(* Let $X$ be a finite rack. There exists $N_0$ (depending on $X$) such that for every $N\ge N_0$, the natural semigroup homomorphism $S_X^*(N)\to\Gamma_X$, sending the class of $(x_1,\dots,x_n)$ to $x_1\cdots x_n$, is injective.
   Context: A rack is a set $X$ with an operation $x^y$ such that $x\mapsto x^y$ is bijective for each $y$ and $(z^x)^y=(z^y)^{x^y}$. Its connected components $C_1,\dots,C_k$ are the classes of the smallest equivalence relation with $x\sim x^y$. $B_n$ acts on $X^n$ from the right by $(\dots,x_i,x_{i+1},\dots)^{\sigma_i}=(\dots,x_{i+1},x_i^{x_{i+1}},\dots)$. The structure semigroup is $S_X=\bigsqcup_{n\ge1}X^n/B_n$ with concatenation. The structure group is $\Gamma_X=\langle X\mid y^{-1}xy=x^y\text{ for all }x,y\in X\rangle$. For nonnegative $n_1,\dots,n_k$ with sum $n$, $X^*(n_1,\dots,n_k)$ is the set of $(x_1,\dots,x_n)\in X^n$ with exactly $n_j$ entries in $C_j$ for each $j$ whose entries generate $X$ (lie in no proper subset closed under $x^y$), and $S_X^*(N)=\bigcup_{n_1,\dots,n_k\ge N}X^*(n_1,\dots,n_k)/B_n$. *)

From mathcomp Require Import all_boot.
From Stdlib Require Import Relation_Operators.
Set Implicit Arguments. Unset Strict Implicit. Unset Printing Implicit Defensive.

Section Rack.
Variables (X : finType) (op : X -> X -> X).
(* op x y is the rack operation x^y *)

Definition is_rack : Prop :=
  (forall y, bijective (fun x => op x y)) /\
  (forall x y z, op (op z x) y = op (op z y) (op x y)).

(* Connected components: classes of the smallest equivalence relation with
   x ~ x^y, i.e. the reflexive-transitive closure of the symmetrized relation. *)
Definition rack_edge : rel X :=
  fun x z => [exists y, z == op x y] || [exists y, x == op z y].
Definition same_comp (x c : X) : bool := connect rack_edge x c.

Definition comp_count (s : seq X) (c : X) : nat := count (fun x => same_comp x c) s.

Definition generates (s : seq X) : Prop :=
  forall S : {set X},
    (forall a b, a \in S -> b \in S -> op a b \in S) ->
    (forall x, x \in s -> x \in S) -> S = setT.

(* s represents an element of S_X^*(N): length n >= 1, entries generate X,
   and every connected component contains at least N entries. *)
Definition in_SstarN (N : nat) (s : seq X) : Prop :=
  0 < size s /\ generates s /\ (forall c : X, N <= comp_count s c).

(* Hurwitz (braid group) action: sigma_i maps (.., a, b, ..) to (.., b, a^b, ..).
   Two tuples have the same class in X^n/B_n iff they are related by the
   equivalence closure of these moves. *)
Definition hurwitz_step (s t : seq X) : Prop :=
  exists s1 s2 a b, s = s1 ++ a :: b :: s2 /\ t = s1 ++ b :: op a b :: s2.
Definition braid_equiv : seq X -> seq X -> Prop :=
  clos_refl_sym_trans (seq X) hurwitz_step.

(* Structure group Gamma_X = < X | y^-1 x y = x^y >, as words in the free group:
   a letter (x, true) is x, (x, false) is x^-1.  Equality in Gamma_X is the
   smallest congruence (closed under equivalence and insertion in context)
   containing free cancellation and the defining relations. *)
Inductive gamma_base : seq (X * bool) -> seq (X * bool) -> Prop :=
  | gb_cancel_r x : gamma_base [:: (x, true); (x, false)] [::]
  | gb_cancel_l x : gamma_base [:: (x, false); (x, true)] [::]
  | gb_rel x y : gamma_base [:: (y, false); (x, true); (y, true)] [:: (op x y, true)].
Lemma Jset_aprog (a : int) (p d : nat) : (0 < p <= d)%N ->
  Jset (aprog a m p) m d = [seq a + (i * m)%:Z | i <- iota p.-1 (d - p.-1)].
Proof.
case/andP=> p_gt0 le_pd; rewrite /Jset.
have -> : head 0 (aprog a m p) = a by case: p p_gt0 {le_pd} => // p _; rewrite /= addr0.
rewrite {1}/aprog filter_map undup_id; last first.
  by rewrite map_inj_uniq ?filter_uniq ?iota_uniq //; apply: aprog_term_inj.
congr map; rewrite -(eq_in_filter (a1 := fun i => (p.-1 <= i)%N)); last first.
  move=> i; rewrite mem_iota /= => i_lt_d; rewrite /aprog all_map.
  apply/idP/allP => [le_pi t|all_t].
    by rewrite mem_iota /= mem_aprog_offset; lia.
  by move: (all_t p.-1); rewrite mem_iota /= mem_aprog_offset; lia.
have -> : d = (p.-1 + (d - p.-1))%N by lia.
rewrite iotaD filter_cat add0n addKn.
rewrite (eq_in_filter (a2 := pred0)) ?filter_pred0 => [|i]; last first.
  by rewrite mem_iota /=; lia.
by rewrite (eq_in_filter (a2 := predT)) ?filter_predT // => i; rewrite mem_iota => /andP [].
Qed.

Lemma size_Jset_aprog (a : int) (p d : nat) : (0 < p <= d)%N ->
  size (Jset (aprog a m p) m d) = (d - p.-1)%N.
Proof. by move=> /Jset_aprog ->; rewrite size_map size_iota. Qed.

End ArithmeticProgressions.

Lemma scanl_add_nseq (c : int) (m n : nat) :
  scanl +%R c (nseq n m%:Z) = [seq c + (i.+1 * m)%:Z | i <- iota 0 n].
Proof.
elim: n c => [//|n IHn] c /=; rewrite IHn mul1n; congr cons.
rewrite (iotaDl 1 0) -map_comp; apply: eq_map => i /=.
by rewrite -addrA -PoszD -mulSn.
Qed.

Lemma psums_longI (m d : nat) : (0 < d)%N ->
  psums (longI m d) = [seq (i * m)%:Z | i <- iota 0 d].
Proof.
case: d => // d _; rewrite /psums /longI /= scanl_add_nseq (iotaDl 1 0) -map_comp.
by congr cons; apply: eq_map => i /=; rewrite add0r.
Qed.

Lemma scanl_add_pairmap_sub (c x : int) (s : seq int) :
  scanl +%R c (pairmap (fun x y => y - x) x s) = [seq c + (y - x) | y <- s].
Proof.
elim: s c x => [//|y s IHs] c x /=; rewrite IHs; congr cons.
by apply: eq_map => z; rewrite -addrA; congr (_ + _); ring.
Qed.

#### [Task directions]
Exactly as shown above, copy out the material.

#### [Your solution]
(* Let $X$ be a finite rack. There exists $N_0$ (depending on $X$) such that for every $N\ge N_0$, the natural semigroup homomorphism $S_X^*(N)\to\Gamma_X$, sending the class of $(x_1,\dots,x_n)$ to $x_1\cdots x_n$, is injective.
   Context: A rack is a set $X$ with an operation $x^y$ such that $x\mapsto x^y$ is bijective for each $y$ and $(z^x)^y=(z^y)^{x^y}$. Its connected components $C_1,\dots,C_k$ are the classes of the smallest equivalence relation with $x\sim x^y$. $B_n$ acts on $X^n$ from the right by $(\dots,x_i,x_{i+1},\dots)^{\sigma_i}=(\dots,x_{i+1},x_i^{x_{i+1}},\dots)$. The structure semigroup is $S_X=\bigsqcup_{n\ge1}X^n/B_n$ with concatenation. The structure group is $\Gamma_X=\langle X\mid y^{-1}xy=x^y\text{ for all }x,y\in X\rangle$. For nonnegative $n_1,\dots,n_k$ with sum $n$, $X^*(n_1,\dots,n_k)$ is the set of $(x_1,\dots,x_n)\in X^n$ with exactly $n_j$ entries in $C_j$ for each $j$ whose entries generate $X$ (lie in no proper subset closed under $x^y$), and $S_X^*(N)=\bigcup_{n_1,\dots,n_k\ge N}X^*(n_1,\dots,n_k)/B_n$. *)

From mathcomp Require Import all_boot.
From Stdlib Require Import Relation_Operators.
Set Implicit Arguments. Unset Strict Implicit. Unset Printing Implicit Defensive.

Section Rack.
Variables (X : finType) (op : X -> X -> X).
(* op x y is the rack operation x^y *)

Definition is_rack : Prop :=
  (forall y, bijective (fun x => op x y)) /\
  (forall x y z, op (op z x) y = op (op z y) (op x y)).

(* Connected components: classes of the smallest equivalence relation with
   x ~ x^y, i.e. the reflexive-transitive closure of the symmetrized relation. *)
Definition rack_edge : rel X :=
  fun x z => [exists y, z == op x y] || [exists y, x == op z y].
Definition same_comp (x c : X) : bool := connect rack_edge x c.

Definition comp_count (s : seq X) (c : X) : nat := count (fun x => same_comp x c) s.

Definition generates (s : seq X) : Prop :=
  forall S : {set X},
    (forall a b, a \in S -> b \in S -> op a b \in S) ->
    (forall x, x \in s -> x \in S) -> S = setT.

(* s represents an element of S_X^*(N): length n >= 1, entries generate X,
   and every connected component contains at least N entries. *)
Definition in_SstarN (N : nat) (s : seq X) : Prop :=
  0 < size s /\ generates s /\ (forall c : X, N <= comp_count s c).

(* Hurwitz (braid group) action: sigma_i maps (.., a, b, ..) to (.., b, a^b, ..).
   Two tuples have the same class in X^n/B_n iff they are related by the
   equivalence closure of these moves. *)
Definition hurwitz_step (s t : seq X) : Prop :=
  exists s1 s2 a b, s = s1 ++ a :: b :: s2 /\ t = s1 ++ b :: op a b :: s2.
Definition braid_equiv : seq X -> seq X -> Prop :=
  clos_refl_sym_trans (seq X) hurwitz_step.

(* Structure group Gamma_X = < X | y^-1 x y = x^y >, as words in the free group:
   a letter (x, true) is x, (x, false) is x^-1.  Equality in Gamma_X is the
   smallest congruence (closed under equivalence and insertion in context)
   containing free cancellation and the defining relations. *)
Inductive gamma_base : seq (X * bool) -> seq (X * bool) -> Prop :=
  | gb_cancel_r x : gamma_base [:: (x, true); (x, false)] [::]
  | gb_cancel_l x : gamma_base [:: (x, false); (x, true)] [::]
  | gb_rel x y : gamma_base [:: (y, false); (x, true); (y, true)] [:: (op x y, true)].
Lemma Jset_aprog (a : int) (p d : nat) : (0 < p <= d)%N ->
  Jset (aprog a m p) m d = [seq a + (i * m)%:Z | i <- iota p.-1 (d - p.-1)].
Proof.
case/andP=> p_gt0 le_pd; rewrite /Jset.
have -> : head 0 (aprog a m p) = a by case: p p_gt0 {le_pd} => // p _; rewrite /= addr0.
rewrite {1}/aprog filter_map undup_id; last first.
  by rewrite map_inj_uniq ?filter_uniq ?iota_uniq //; apply: aprog_term_inj.
congr map; rewrite -(eq_in_filter (a1 := fun i => (p.-1 <= i)%N)); last first.
  move=> i; rewrite mem_iota /= => i_lt_d; rewrite /aprog all_map.
  apply/idP/allP => [le_pi t|all_t].
    by rewrite mem_iota /= mem_aprog_offset; lia.
  by move: (all_t p.-1); rewrite mem_iota /= mem_aprog_offset; lia.
have -> : d = (p.-1 + (d - p.-1))%N by lia.
rewrite iotaD filter_cat add0n addKn.
rewrite (eq_in_filter (a2 := pred0)) ?filter_pred0 => [|i]; last first.
  by rewrite mem_iota /=; lia.
by rewrite (eq_in_filter (a2 := predT)) ?filter_predT // => i; rewrite mem_iota => /andP [].
Qed.

Lemma size_Jset_aprog (a : int) (p d : nat) : (0 < p <= d)%N ->
  size (Jset (aprog a m p) m d) = (d - p.-1)%N.
Proof. by move=> /Jset_aprog ->; rewrite size_map size_iota. Qed.

End ArithmeticProgressions.

Lemma scanl_add_nseq (c : int) (m n : nat) :
  scanl +%R c (nseq n m%:Z) = [seq c + (i.+1 * m)%:Z | i <- iota 0 n].
Proof.
elim: n c => [//|n IHn] c /=; rewrite IHn mul1n; congr cons.
rewrite (iotaDl 1 0) -map_comp; apply: eq_map => i /=.
by rewrite -addrA -PoszD -mulSn.
Qed.

Lemma psums_longI (m d : nat) : (0 < d)%N ->
  psums (longI m d) = [seq (i * m)%:Z | i <- iota 0 d].
Proof.
case: d => // d _; rewrite /psums /longI /= scanl_add_nseq (iotaDl 1 0) -map_comp.
by congr cons; apply: eq_map => i /=; rewrite add0r.
Qed.

Lemma scanl_add_pairmap_sub (c x : int) (s : seq int) :
  scanl +%R c (pairmap (fun x y => y - x) x s) = [seq c + (y - x) | y <- s].
Proof.
elim: s c x => [//|y s IHs] c x /=; rewrite IHs; congr cons.
by apply: eq_map => z; rewrite -addrA; congr (_ + _); ring.
Qed.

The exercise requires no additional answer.